Lemma gamma_lhsE s y (r : int) :
  \sum_j ((pminus l k s j)%:Z + r)%:~R * y j 0 = rev_load s y + r%:~R * \sum_j y j 0.
Proof.
under eq_bigr do rewrite rmorphD /= mulrDl -pmulrn.
rewrite big_split /= -mulr_sumr; congr (_ + _).
rewrite /pminus; under eq_bigr do rewrite -sum1_count natr_sum mulr_suml big_mkcondr.
rewrite exchange_big /= /rev_load /jumped_sum.
under [RHS]eq_bigr do rewrite big_mkcond.
by apply/eq_bigr => a _; apply/eq_bigr => j _; case: jumps; rewrite ?mul1r.
Qed.

Lemma beta_gamma_bounds s : (0 < wind k s)%R ->
  (beta_gamma k b s * wind k s <= t_gamma b s < (beta_gamma k b s + 1) * wind k s)%R.
Proof.
move=> p_gt0; have p_gt0' : (0 : rat) < (wind k s)%:~R by rewrite ltr0z.
have /andP[lo hi] := floor_itv ((t_gamma b s)%:~R / (wind k s)%:~R : rat).
rewrite ler_pdivlMr // -rmorphM ler_int in lo.
by rewrite ltr_pdivrMr // -rmorphM ltr_int in hi; rewrite lo hi.
Qed.

Lemma gamma_ineq_valid s y : inQ A b y -> is_int_vec y -> circuit l k s ->
  (2 <= wind k s)%R -> gamma_ineq l k b s y.
Proof.
move=> Ay y_int sc p_ge2; have [fwd_le rev_le] := rhs_le_load s Ay.
have [T sumT] : exists T : int, \sum_j y j 0 = T%:~R.
  exists (\sum_j Num.floor (y j 0)); rewrite rmorph_sum; apply: eq_bigr => j _.
  by have [z ->] := y_int j; rewrite intrKfloor.
have p_gt0 : (0 < wind k s)%R by lia.
have /andP[lo hi] := beta_gamma_bounds p_gt0.
rewrite /gamma_ineq gamma_lhsE sumT /r_gamma rev_bE.
move: (t_gamma b s) (wind k s) (beta_gamma k b s) (t_gammaE s) (load_circuit y sc) lo hi.
move=> t p beta tE; rewrite sumT => FS lo hi.
rewrite rmorphD rmorphM !rmorphB !rmorphM rmorphD rmorph1 /=.
apply: (gamma_valid_arith FS fwd_le rev_le); first by rewrite tE rmorphB.
  by rewrite -[1]/(1%:~R) -!rmorphD -!rmorphM ler_int ltr_int lo.
by rewrite -[1]/(1%:~R) -rmorphD !ler_int; case: (lerP T beta) => ?; [left|right; rewrite lezD1].
Qed.

Lemma gamma_ineq_middle s x (T0 : int) (lam : R) :
  circuit l k s -> \sum_j x j 0 = T0%:~R + lam ->
  ((2 <= wind k s)%R -> ~~ (wind k s %| t_gamma b s)%Z -> gamma_ineq l k b s x) ->
  (T0 * wind k s < t_gamma b s < (T0 + 1) * wind k s)%R ->
  ((t_gamma b s - T0 * wind k s) * (T0 + 1) + rev_rhs s)%:~R
    <= rev_load s x + (t_gamma b s - T0 * wind k s)%:~R * (T0%:~R + lam).
Proof.
move=> sc sumx gamma /andP[lo hi].
have betaE : beta_gamma k b s = T0.
  have p_gt0 : (0 : rat) < (wind k s)%:~R by rewrite ltr0z; nia.
  apply: floor_def; rewrite ler_pdivlMr // ltr_pdivrMr // -!rmorphM ler_int ltr_int.
  by rewrite (ltW lo) hi.
have p_ge2 : (2 <= wind k s)%R.
  rewrite leNgt; apply/negP => p_lt2; have p1 : wind k s = 1 by nia.
  by move: lo hi; rewrite p1; lia.
have p_ndvd : ~~ (wind k s %| t_gamma b s)%Z.
  apply/negP => /dvdzP[c tE]; have p_gt0 : (0 < wind k s)%R by lia.
  by move: lo hi; rewrite tE !ltr_pM2r //; lia.
by have := gamma p_ge2 p_ndvd; rewrite /gamma_ineq gamma_lhsE sumx /r_gamma betaE rev_bE.
Qed.

Lemma circuit_split_bound s x (T0 : int) (lam : R) : inQ A b x -> circuit l k s ->
  \sum_j x j 0 = T0%:~R + lam -> 0 <= lam < 1 ->
  ((2 <= wind k s)%R -> ~~ (wind k s %| t_gamma b s)%Z -> gamma_ineq l k b s x) ->
  lam * (rev_rhs s)%:~R - rev_load s x + (1 - lam) * (fwd_rhs s)%:~R
    <= (wind k s)%:~R * ((1 - lam) * T0%:~R).
Proof.
move=> Ax sc sumx lam01 gamma; have [fwd_le rev_le] := rhs_le_load s Ax.
have FS := load_circuit x sc; rewrite sumx in FS.
apply: (circuit_split_arith FS lam01 fwd_le rev_le (t := (t_gamma b s)%:~R)).
  by rewrite t_gammaE rmorphB.
move=> /andP[lo hi]; have mid : (T0 * wind k s < t_gamma b s < (T0 + 1) * wind k s)%R.
  by rewrite -!(ltr_int R) !rmorphM rmorphD rmorph1 /= lo hi.
have := gamma_ineq_middle sc sumx gamma mid.
by rewrite rmorphD rmorphM !rmorphB !rmorphM rmorphD rmorph1 /=.
Qed.

End Gamma.

Section Decomposition.
Variables (R : realType) (m n : nat) (A : 'M[R]_(m, n)).
Variables (l : 'I_m -> 'I_n) (k : 'I_m -> nat) (b : 'I_m -> nat).
Hypothesis n_gt0 : (0 < n)%N.
Hypothesis A_circular : is_circular l k A.
Implicit Types (x : 'cV[R]_n) (lam : R).

(* Lower bounds for the increments of the partial sums u of (1 - lam) z: forward arcs
   express z in Q(A,b), reverse arcs express w = (partial_sum x - u) / lam in Q(A,b). *)
Definition split_weight x lam (a : darc m n) : R :=
  if is_rev a then lam * (arc_rhs b a)%:~R + arc_delta l k (partial_sum n_gt0 x) a
  else (1 - lam) * (arc_rhs b a)%:~R.

Lemma split_weight_circuit x lam s : \sum_(a <- s) split_weight x lam a =
  lam * (rev_rhs b s)%:~R - rev_load l k s x + (1 - lam) * (fwd_rhs b s)%:~R.
Proof.
rewrite (bigID (@is_rev m n)) /= /rev_rhs /fwd_rhs /rev_load !rmorph_sum !mulr_sumr.
rewrite -sumrB; congr (_ + _); apply: eq_bigr => a ra; rewrite /split_weight ?(negbTE ra) //.
rewrite ra /arc_delta ra (arc_incr_jumped l n_gt0 (circular_k_le A_circular) a
  (partial_sum_qperiodic n_gt0 x)).
by rewrite diff_col_partial_sum.
Qed.

Lemma split_weight_bounds x lam u : (forall a, split_weight x lam a <= arc_delta l k u a) ->
  forall a, (1 - lam) * (arc_rhs b a)%:~R <= arc_incr l k u a /\
    lam * (arc_rhs b a)%:~R <= arc_incr l k (partial_sum n_gt0 x) a - arc_incr l k u a.
Proof.
move=> u_ge [i|j|i|j];
  [move: (u_ge (FRow n i)) (u_ge (RRow n i)) | move: (u_ge (FShort m j)) (u_ge (RShort m j))
  |move: (u_ge (FRow n i)) (u_ge (RRow n i)) | move: (u_ge (FShort m j)) (u_ge (RShort m j))].
all: by rewrite /split_weight /arc_delta /arc_incr /arc_hi /arc_lo /arc_span /= => ? ?; split; lra.
Qed.

Lemma inQstar_of_split x (T0 : int) lam (u : nat -> R) :
  \sum_j x j 0 = T0%:~R + lam -> 0 < lam < 1 -> qperiodic n u ((1 - lam) * T0%:~R) ->
  (forall a, split_weight x lam a <= arc_delta l k u a) -> inQstar A b x.
Proof.
move=> sumx /andP[lam_gt0 lam_lt1] uP /split_weight_bounds bounds.
have lam_neq0 : lam != 0 by rewrite gt_eqF.
have lam1_neq0 : 1 - lam != 0 by rewrite subr_eq0 eq_sym lt_eqF.
pose g := partial_sum n_gt0 x.
have gP := partial_sum_qperiodic n_gt0 x; rewrite sumx in gP.
have z_adm : admissible l k b (fun z => u z / (1 - lam)) T0.
  split=> [z|a]; first by rewrite uP; field.
  rewrite /arc_incr -mulrBl ler_pdivlMr ?subr_gt0 // mulrC; exact: (bounds a).1.
have w_adm : admissible l k b (fun z => (g z - u z) / lam) (T0 + 1).
  split=> [z|a]; first by rewrite /g gP uP rmorphD /=; field.
  rewrite /arc_incr -mulrBl ler_pdivlMr // mulrC.
  by have := (bounds a).2; rewrite /arc_incr /g; lra.
have -> : x = (1 - lam) *: diff_col n (fun z => u z / (1 - lam))
    + lam *: diff_col n (fun z => (g z - u z) / lam).
  rewrite -{1}(diff_col_partial_sum n_gt0 x) -diff_col_combine.
  by apply: eq_diff_col => z; rewrite /g; field; rewrite lam_neq0.
apply: (conv_hull_segment (mu := lam)).
- exact: admissible_inQstar z_adm.
- exact: admissible_inQstar w_adm.
- by rewrite !ltW.
Qed.

Lemma gamma_ineqs_inQstar x : inQ A b x ->
  (forall s, circuit l k s -> (2 <= wind k s)%R -> ~~ (wind k s %| t_gamma b s)%Z ->
     gamma_ineq l k b s x) ->
  inQstar A b x.
Proof.
move=> Ax gamma; pose T0 := Num.floor (\sum_j x j 0); pose lam := frac (\sum_j x j 0).
have sumx : \sum_j x j 0 = T0%:~R + lam by rewrite /lam /frac addrC subrK.
have [lam0|lam_neq0] := eqVneq lam 0.
  rewrite -(diff_col_partial_sum n_gt0 x); apply: (admissible_inQstar n_gt0 A_circular).
  by apply: (partial_sum_admissible n_gt0 A_circular Ax); rewrite sumx lam0 addr0.
have lam_gt0 : 0 < lam by rewrite lt0r lam_neq0 frac_ge0.
have [u [uP u_ge]] : exists u, qperiodic n u ((1 - lam) * T0%:~R) /\
    forall a, split_weight x lam a <= arc_delta l k u a.
  apply: (qperiodic_lower_bound n_gt0) => s sc; rewrite split_weight_circuit.
  apply: (circuit_split_bound n_gt0 A_circular Ax sc sumx _ (gamma s sc)).
  by rewrite (ltW lam_gt0) frac_lt1.
by apply: (inQstar_of_split sumx _ uP u_ge); rewrite lam_gt0 frac_lt1.
Qed.

End Decomposition.

Lemma no_arc_dim0 (R : realType) m (A : 'M[R]_(m, 0)) l k :
  is_circular l k A -> darc m 0 -> False.
Proof.
move=> A_circular a; have [i|j] : 'I_m + 'I_0 by case: a => ?; [left|right|left|right].
  by have [/andP[]] := A_circular i; lia.
by case: j => j; rewrite ltn0.
Qed.

Theorem theorem4p8 (R : realType) (m n : nat) (A : 'M[R]_(m, n))
    (l : 'I_m -> 'I_n) (k : 'I_m -> nat) (b : 'I_m -> nat) :
  is_circular l k A ->
  forall x : 'cV[R]_n,
    inQstar A b x <->
    (inQ A b x /\
     forall s : seq (darc m n),
       circuit l k s -> 2 <= wind k s -> ~~ (wind k s %| t_gamma b s)%Z ->
       gamma_ineq l k b s x).
Proof.
move=> A_circular x; have [n0|n_gt0] := posnP n.
  subst n; split=> [Ax|[Ax _]]; last by apply: conv_hull_point; split=> // -[].
  split=> [|[|a s] [] //]; first exact: inQstar_inQ.
  by case: (no_arc_dim0 A_circular a).
split=> [Ax|[Ax gamma]]; last exact: gamma_ineqs_inQstar.
split=> [|s sc p_ge2 _]; first exact: inQstar_inQ.
apply: (conv_hull_ineq Ax) => y [Ay y_int].
exact: gamma_ineq_valid.
Qed.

__Required work__. What is needed is every line from the start of the entries through the line containing "rewrite ler_pdivlMr // -rmorphM", returned word for word and nothing else.

__Your solution__.
Lemma gamma_lhsE s y (r : int) :
  \sum_j ((pminus l k s j)%:Z + r)%:~R * y j 0 = rev_load s y + r%:~R * \sum_j y j 0.
Proof.
under eq_bigr do rewrite rmorphD /= mulrDl -pmulrn.
rewrite big_split /= -mulr_sumr; congr (_ + _).
rewrite /pminus; under eq_bigr do rewrite -sum1_count natr_sum mulr_suml big_mkcondr.
rewrite exchange_big /= /rev_load /jumped_sum.
under [RHS]eq_bigr do rewrite big_mkcond.
by apply/eq_bigr => a _; apply/eq_bigr => j _; case: jumps; rewrite ?mul1r.
Qed.

Lemma beta_gamma_bounds s : (0 < wind k s)%R ->
  (beta_gamma k b s * wind k s <= t_gamma b s < (beta_gamma k b s + 1) * wind k s)%R.
Proof.
move=> p_gt0; have p_gt0' : (0 : rat) < (wind k s)%:~R by rewrite ltr0z.
have /andP[lo hi] := floor_itv ((t_gamma b s)%:~R / (wind k s)%:~R : rat).
rewrite ler_pdivlMr // -rmorphM ler_int in lo.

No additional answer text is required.